Immolation (early years); copyright (c) Immolation
As a genre, death metal is a lot more diverse than black metal tends to be, although together, death and black metal represent two sides of the same coin. Many recognize death metal for elements such as down-tuned guitars, a guttural vocal style, blast beats, and complex, interstitial songwriting featuring technical riffing and unique instrumental performances. As vocalist Martin van Drunen of Pestilence / Asphyx fame proves, however, death metal vocals are just as effective in the higher ranges, and just as well, bands like Skepticism and Winter display that death metal need not be played at high tempi. Furthermore, death metal seems to work just as well when interbred with other genres of music: Atheist and Cynic injected jazz fusion into their technical death metal while Finno-Swedish bands like Amorphis and Unleashed injected a healthy dose of European folk sensibility into their brand of melodic death metal.
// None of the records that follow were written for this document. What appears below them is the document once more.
(* Let $q\in(0,1)$. Every fixed point $p\in\mathcal M_1^+$ of $\mathcal R_q$ other than $(1,0,0,\dots)$ satisfies $p_k>0$ for all $k\ge0$. None of these fixed points is reversible, i.e. for none of them does $T^{(q)}_{ij,k\ell}p_kp_\ell=T^{(q)}_{k\ell,ij}p_ip_j$ hold for all $i,j,k,\ell\ge0$.
   Context: $\mathcal M_1^+$ is the set of probability measures on $\mathbb N_0$, identified with nonnegative sequences summing to $1$. For $q\in[0,1]$, $$T^{(q)}_{ij,k\ell}=C^{(q)}_{k\ell}\,\delta_{i+j,k+\ell}\,(1+\min\{k,\ell,i,j\})\,q^{\max\{0,\ \min\{k,\ell\}-\min\{i,j\}\}},$$ with $0^0=1$ and $C^{(q)}_{k\ell}>0$ chosen so that $\sum_{i,j\ge0}T^{(q)}_{ij,k\ell}=1$. The recombinator on $\mathcal M_1^+$ is $\mathcal R_q(p)_i=\sum_{j,k,\ell\ge0}T^{(q)}_{ij,k\ell}p_kp_\ell$. *)

From Stdlib Require Import Reals Arith.
From Coquelicot Require Import Coquelicot.
Open Scope R_scope.

Definition prob_measure (p : nat -> R) : Prop :=
  (forall k, 0 <= p k) /\ is_series p 1.

(* Unnormalized kernel:
   delta_{i+j,k+l} (1 + min{k,l,i,j}) q^{max(0, min{k,l} - min{i,j})}.
   Truncated nat subtraction gives max(0, .), and pow gives 0^0 = 1. *)
Definition T_un (q : R) (i j k l : nat) : R :=
  if Nat.eqb (i + j) (k + l)
  then INR (1 + Nat.min (Nat.min k l) (Nat.min i j))
       * q ^ (Nat.min k l - Nat.min i j)
  else 0.

Definition C_q (q : R) (k l : nat) : R :=
  / Series (fun i => Series (fun j => T_un q i j k l)).

Definition T_q (q : R) (i j k l : nat) : R := C_q q k l * T_un q i j k l.

Definition recomb (q : R) (p : nat -> R) (i : nat) : R :=
  Series (fun j => Series (fun k => Series (fun l => T_q q i j k l * p k * p l))).

Definition dirac0 (k : nat) : R := if Nat.eqb k 0 then 1 else 0.

Definition reversible (q : R) (p : nat -> R) : Prop :=
  forall i j k l : nat, T_q q i j k l * p k * p l = T_q q k l i j * p i * p j.

(* A fixed point dominates every single term of its own recombinator sum:
   p_i >= T_{ij,kl} p_k p_l, and T_{ij,kl} > 0 whenever i + j = k + l.  Hence
   p_k, p_l > 0 forces p_i > 0 for every i <= k + l; starting from some
   p_m > 0 with m >= 1 (which exists as p is not the Dirac mass at 0) the
   support grows without bound and fills N_0.  For irreversibility,
   detailed balance on the cycle of pairs (0,2), (1,1), (0,3), (1,2), (2,2),
   (1,3) yields, after eliminating p_0 p_3 and p_0 p_2, the polynomial
   identity 4 (1 - q) (6 + 2q - q^2) p_1^2 = 0, impossible for 0 < q < 1. *)
From Stdlib Require Import Reals Lra Lia Psatz Classical FunctionalExtensionality.
From Coquelicot Require Import Coquelicot.
Open Scope R_scope.

Lemma sum_f_R0_stable (a : nat -> R) (N n : nat) :
  (forall m, (N < m)%nat -> a m = 0) -> (N <= n)%nat ->
  sum_f_R0 a n = sum_f_R0 a N.
Proof.
  intros Ha Hn.
  destruct (Nat.eq_dec N n) as [<-|Hne]; [reflexivity|].
  rewrite (tech2 a N n) by lia.
  rewrite (sum_eq_R0 (fun m => a (S N + m)%nat)); [ring|].
  intros m _; apply Ha; lia.
Qed.

Lemma sum_f_R0_singleton (a : nat -> R) (m N : nat) :
  (forall n, n <> m -> a n = 0) -> (m <= N)%nat -> sum_f_R0 a N = a m.
Proof.
  intros Ha Hm.
  rewrite (sum_f_R0_stable a m N); [| intros n Hn; apply Ha; lia | exact Hm].
  destruct m as [|m]; [reflexivity|].
  rewrite tech5, sum_eq_R0; [ring|].
  intros n Hn; apply Ha; lia.
Qed.

Lemma sum_f_R0_ge_term (a : nat -> R) (k N : nat) :
  (forall n, 0 <= a n) -> (k <= N)%nat -> a k <= sum_f_R0 a N.
Proof.
  intros Ha Hk.
  set (ak := fun n => if Nat.eqb n k then a n else 0).
  replace (a k) with (ak k) by (unfold ak; rewrite Nat.eqb_refl; reflexivity).
  rewrite <- (sum_f_R0_singleton ak k N); [| |exact Hk].
  2: intros n Hn; unfold ak; rewrite (proj2 (Nat.eqb_neq n k) Hn); reflexivity.
  apply sum_Rle; intros n _; unfold ak.
  destruct (Nat.eqb n k); [lra | apply Ha].
Qed.

Lemma Series_finite_support (a : nat -> R) (N : nat) :
  (forall n, (N < n)%nat -> a n = 0) -> Series a = sum_f_R0 a N.
Proof.
  intros Ha; apply is_series_unique, is_series_Reals.
  intros eps Heps; exists N; intros n Hn.
  rewrite (sum_f_R0_stable a N n Ha Hn).
  unfold Rdist; rewrite Rminus_diag, Rabs_R0; exact Heps.
Qed.

Lemma Series_singleton (a : nat -> R) (m : nat) :
  (forall n, n <> m -> a n = 0) -> Series a = a m.
Proof.
  intros Ha.
  rewrite (Series_finite_support a m) by (intros; apply Ha; lia).
  apply sum_f_R0_singleton; [exact Ha | lia].
Qed.

Lemma Series_ge_term (a : nat -> R) (k : nat) :
  (forall n, 0 <= a n) -> ex_series a -> a k <= Series a.
Proof.
  intros Ha Hex.
  set (ak := fun n => if Nat.eqb n k then a n else 0).
  replace (a k) with (Series ak).
  - apply Series_le; [|exact Hex].
    intros n; unfold ak; destruct (Nat.eqb n k); split; (lra || apply Ha).
  - rewrite (Series_singleton ak k)
      by (intros n Hn; unfold ak; rewrite (proj2 (Nat.eqb_neq n k) Hn); reflexivity).
    unfold ak; rewrite Nat.eqb_refl; reflexivity.
Qed.

Section Kernel.

Variable q : R.
Hypothesis q_gt0 : 0 < q.

Lemma T_un_nonneg (i j k l : nat) : 0 <= T_un q i j k l.
Proof.
  unfold T_un; destruct (Nat.eqb _ _); [|lra].
  apply Rmult_le_pos; [apply pos_INR | apply pow_le; lra].
Qed.

Lemma T_un_pos (i j k l : nat) : (i + j = k + l)%nat -> 0 < T_un q i j k l.
Proof.
  intros E; unfold T_un; rewrite (proj2 (Nat.eqb_eq _ _) E).
  apply Rmult_lt_0_compat; [apply lt_0_INR; lia | apply pow_lt; lra].
Qed.

Lemma T_un_eq0 (i j k l : nat) : (i + j <> k + l)%nat -> T_un q i j k l = 0.
Proof. intros E; unfold T_un; rewrite (proj2 (Nat.eqb_neq _ _) E); reflexivity. Qed.

Definition T_mass (k l : nat) : R :=
  sum_f_R0 (fun i => T_un q i (k + l - i) k l) (k + l).

Lemma C_q_inv_mass (k l : nat) : C_q q k l = / T_mass k l.
Proof.
  unfold C_q, T_mass; f_equal.
  rewrite (Series_ext _ (fun i => T_un q i (k + l - i) k l)).
  - apply Series_finite_support; intros i Hi; apply T_un_eq0; lia.
  - intros i; apply (Series_singleton (fun j => T_un q i j k l)).
    intros j Hj; apply T_un_eq0; lia.
Qed.

Lemma T_un_le_mass (i j k l : nat) : (i + j = k + l)%nat -> T_un q i j k l <= T_mass k l.
Proof.
  intros E; unfold T_mass; replace j with (k + l - i)%nat by lia.
  apply (sum_f_R0_ge_term (fun i => T_un q i (k + l - i) k l)); [intros; apply T_un_nonneg | lia].
Qed.

Lemma T_mass_pos (k l : nat) : 0 < T_mass k l.
Proof.
  apply Rlt_le_trans with (T_un q 0 (k + l) k l); [apply T_un_pos; lia|].
  apply T_un_le_mass; lia.
Qed.

Lemma T_q_nonneg (i j k l : nat) : 0 <= T_q q i j k l.
Proof.
  unfold T_q; rewrite C_q_inv_mass.
  apply Rmult_le_pos; [left; apply Rinv_0_lt_compat, T_mass_pos | apply T_un_nonneg].
Qed.

Lemma T_q_pos (i j k l : nat) : (i + j = k + l)%nat -> 0 < T_q q i j k l.
Proof.
  intros E; unfold T_q; rewrite C_q_inv_mass.
  apply Rmult_lt_0_compat; [apply Rinv_0_lt_compat, T_mass_pos | apply T_un_pos, E].
Qed.

Lemma T_q_eq0 (i j k l : nat) : (i + j <> k + l)%nat -> T_q q i j k l = 0.
Proof. intros E; unfold T_q; rewrite T_un_eq0 by exact E; ring. Qed.

Lemma T_q_le1 (i j k l : nat) : T_q q i j k l <= 1.
Proof.
  destruct (Nat.eq_dec (i + j) (k + l)) as [E|E]; [|rewrite T_q_eq0 by exact E; lra].
  unfold T_q; rewrite C_q_inv_mass.
  pose proof (T_mass_pos k l) as Hm.
  rewrite <- (Rinv_l (T_mass k l)) by lra.
  apply Rmult_le_compat_l; [left; apply Rinv_0_lt_compat, Hm | apply T_un_le_mass, E].
Qed.

End Kernel.

Lemma prob_measure_ne_dirac0 (p : nat -> R) :
  prob_measure p -> p <> dirac0 -> exists m, (1 <= m)%nat /\ 0 < p m.
Proof.
  intros [Hp Hsum] Hne; apply NNPP; intros Hnone.
  assert (Hzero : forall m, (0 < m)%nat -> p m = 0).
  { intros m Hm; destruct (Hp m) as [Hpos|]; [|congruence].
    exfalso; apply Hnone; exists m; split; [lia | exact Hpos]. }
  apply Hne, functional_extensionality; intros [|m]; cbn; [|apply Hzero; lia].
  rewrite <- (is_series_unique _ _ Hsum).
  symmetry; apply Series_singleton; intros n Hn; apply Hzero; lia.
Qed.

Section FixedPoint.

Variables (q : R) (p : nat -> R).
Hypothesis q_gt0 : 0 < q.
Hypothesis p_prob : prob_measure p.
Hypothesis p_fixed : forall i, recomb q p i = p i.

Let p_nonneg : forall k, 0 <= p k := proj1 p_prob.

Definition recomb_row (i j : nat) : R :=
  sum_f_R0 (fun k => T_q q i j k (i + j - k) * p k * p (i + j - k)%nat) (i + j).

Lemma recomb_rows (i : nat) : recomb q p i = Series (recomb_row i).
Proof.
  unfold recomb; apply Series_ext; intros j.
  rewrite (Series_ext _ (fun k => T_q q i j k (i + j - k) * p k * p (i + j - k)%nat)).
  - apply Series_finite_support; intros k Hk; rewrite T_q_eq0 by lia; ring.
  - intros k; apply (Series_singleton (fun l => T_q q i j k l * p k * p l)).
    intros l Hl; rewrite T_q_eq0 by lia; ring.
Qed.

Lemma recomb_term_nonneg (i j k l : nat) : 0 <= T_q q i j k l * p k * p l.
Proof.
  apply Rmult_le_pos; [apply Rmult_le_pos|]; [apply T_q_nonneg | |]; auto.
Qed.

Lemma recomb_row_le_cauchy (i j : nat) :
  recomb_row i j <= sum_f_R0 (fun k => p k * p (i + j - k)%nat) (i + j).
Proof.
  apply sum_growing; intros k.
  pose proof (T_q_le1 q q_gt0 i j k (i + j - k)).
  pose proof (Rmult_le_pos _ _ (p_nonneg k) (p_nonneg (i + j - k))).
  rewrite Rmult_assoc; rewrite <- (Rmult_1_l (p k * _)) at 2.
  apply Rmult_le_compat_r; assumption.
Qed.

Lemma ex_series_recomb_row (i : nat) : ex_series (recomb_row i).
Proof.
  apply (@ex_series_le R_AbsRing R_CompleteNormedModule _
           (fun j => sum_f_R0 (fun k => p k * p (i + j - k)%nat) (i + j))).
  - intros j; change (norm (recomb_row i j)) with (Rabs (recomb_row i j)).
    rewrite Rabs_pos_eq by (apply cond_pos_sum; intros; apply recomb_term_nonneg).
    apply recomb_row_le_cauchy.
  - apply (ex_series_incr_n (fun n => sum_f_R0 (fun k => p k * p (n - k)%nat) n) i).
    exists (1 * 1); apply is_series_mult_pos; apply p_prob || exact p_nonneg.
Qed.

Lemma fixed_point_ge_term (i j k l : nat) : T_q q i j k l * p k * p l <= p i.
Proof.
  destruct (Nat.eq_dec (i + j) (k + l)) as [E|E];
    [|rewrite T_q_eq0 by exact E; rewrite !Rmult_0_l; apply p_nonneg].
  rewrite <- (p_fixed i), recomb_rows.
  apply Rle_trans with (recomb_row i j).
  - replace l with (i + j - k)%nat by lia.
    apply (sum_f_R0_ge_term (fun k => T_q q i j k (i + j - k) * p k * p (i + j - k)%nat));
      [intros; apply recomb_term_nonneg | lia].
  - apply Series_ge_term; [|apply ex_series_recomb_row].
    intros; apply cond_pos_sum; intros; apply recomb_term_nonneg.
Qed.

Lemma fixed_point_pos_below_sum (i k l : nat) :
  0 < p k -> 0 < p l -> (i <= k + l)%nat -> 0 < p i.
Proof.
  intros Hk Hl Hi.
  apply Rlt_le_trans with (T_q q i (k + l - i) k l * p k * p l);
    [|apply fixed_point_ge_term].
  apply Rmult_lt_0_compat; [apply Rmult_lt_0_compat|]; auto.
  apply T_q_pos; [exact q_gt0 | lia].
Qed.

Lemma fixed_point_pos : p <> dirac0 -> forall k, 0 < p k.
Proof.
  intros Hne k.
  destruct (prob_measure_ne_dirac0 p p_prob Hne) as [m [Hm Hpm]].
  assert (Hup : forall n, 0 < p (m + n)%nat).
  { induction n as [|n IH]; [rewrite Nat.add_0_r; exact Hpm|].
    apply (fixed_point_pos_below_sum _ (m + n) m); auto; lia. }
  apply (fixed_point_pos_below_sum _ (m + k) (m + k)); auto; lia.
Qed.

End FixedPoint.

Lemma reversible_balance (q : R) (p : nat -> R) (i j k l : nat) :
  0 < q -> reversible q p ->
  T_un q i j k l * T_mass q i j * p k * p l = T_un q k l i j * T_mass q k l * p i * p j.
Proof.
  intros Hq Hrev.
  pose proof (T_mass_pos q Hq i j); pose proof (T_mass_pos q Hq k l).
  pose proof (Hrev i j k l) as E; unfold T_q in E; rewrite !C_q_inv_mass in E.
  apply (Rmult_eq_compat_l (T_mass q i j * T_mass q k l)) in E.
  field_simplify in E; [|lra|lra].
  lra.
Qed.

Lemma balance_cycle_absurd (q a0 a1 a2 a3 : R) :
  0 < q < 1 -> 0 < a0 -> 0 < a1 -> 0 < a2 -> 0 < a3 ->
  3 * q * a1 * a1 = (2 + 2 * q) * a0 * a2 ->
  4 * q * a1 * a2 = (4 + 2 * q) * a0 * a3 ->
  (6 + 2 * q) * q * a2 * a2 = (3 + 4 * q + 2 * q ^ 2) * a1 * a3 ->
  False.
Proof.
  intros Hq H0 H1 H2 H3 E1 E2 E3.
  assert (E : (4 + 2 * q) * (6 + 2 * q) * a0 * a2 = 4 * (3 + 4 * q + 2 * q ^ 2) * a1 * a1).
  { apply (Rmult_eq_reg_l (q * a2)); [|nra].
    transitivity ((4 + 2 * q) * a0 * ((6 + 2 * q) * q * a2 * a2)); [ring|].
    rewrite E3.
    transitivity ((3 + 4 * q + 2 * q ^ 2) * a1 * ((4 + 2 * q) * a0 * a3)); [ring|].
    rewrite <- E2; ring. }
  assert (0 < a1 * a1 * ((1 - q) * (6 + 2 * q - q * q))).
  { apply Rmult_lt_0_compat; [nra|]; apply Rmult_lt_0_compat; nra. }
  nra.
Qed.

Lemma not_reversible_pos (q : R) (p : nat -> R) :
  0 < q < 1 -> (forall k, 0 < p k) -> ~ reversible q p.
Proof.
  intros Hq Hpos Hrev.
  pose proof (reversible_balance q p 0 2 1 1 ltac:(lra) Hrev) as E1.
  pose proof (reversible_balance q p 0 3 1 2 ltac:(lra) Hrev) as E2.
  pose proof (reversible_balance q p 1 3 2 2 ltac:(lra) Hrev) as E3.
  unfold T_mass, T_un in E1, E2, E3; simpl in E1, E2, E3.
  apply (balance_cycle_absurd q (p 0%nat) (p 1%nat) (p 2%nat) (p 3%nat)); auto; nra.
Qed.

Theorem proposition15 (q : R) (hq : 0 < q < 1) (p : nat -> R) :
  prob_measure p ->
  (forall i, recomb q p i = p i) ->
  p <> dirac0 ->
  (forall k, 0 < p k) /\ ~ reversible q p.
Proof.
  intros Hprob Hfix Hne.
  pose proof (fixed_point_pos q p ltac:(lra) Hprob Hfix Hne) as Hpos.
  split; [exact Hpos | exact (not_reversible_pos q p hq Hpos)].
Qed.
It seems the only way to effectively describe the totality that is death metal is to look into its past. Early death metal bands included Possessed, Slaughter (the one from Canada), Master, Mantas / Death, Sepultura, and Celtic Frost. To put it simply, the music created by these groups was an extreme consequence of the speed metal and hardcore punk music that predated them, the result of slightly more experienced metal musicians pushing the genre further and further beyond anything acceptable by mainstream society. Grotesque lyrics objectively describe the human condition in all its absurdity and potential horror, and the music itself, unlike the mechanistic speed metal of the 1980's, takes on a more organic, although rotting, essence. Death metal is not as ideologically driven as black metal, nor as theatric outside of the music. The following ten albums cannot possibly give the listener a full tour of the genre, and some real great stuff had to be left out. Regardless, the top ten of death metal are as follows (click the album covers to buy):
A universal favorite, Possessed's "Seven Churches" was actually the first death metal album ever. Recorded during the band's Easter break (they were still in high school), it reeks of juvenile energy and aggression. The music here is built from simple speed metal augmented by the kind of weird, off-time riffs you only hear in death metal. Vocals are youthful and vicious; solos are noisy and generally incomprehensible. The relatively complex songwriting, slightly ahead of its time, is what makes this a winner. I like to think of it as a midway point between Slayer and Morbid Angel. Speaking of which...
This list is not meant to be ranked, but if there's a top album here, it's Morbid Angel's "Blessed Are the Sick." Simply put, it's a masterpiece. Death metal does not get better than this: it's heavy, dark, unique, highly artistic and perfectly executed. Structurally, the album unveils it's demonic subject matter through a musical narrative composed of writhing, sludgy death metal songs interspersed with short neoclassical pieces. Assertive vocals on the part of bassist David Vincent and Trey Azagthoth's characteristic off-the-wall guitar solos form the icing on this cake. If you want to understand death metal's potential as art, get this.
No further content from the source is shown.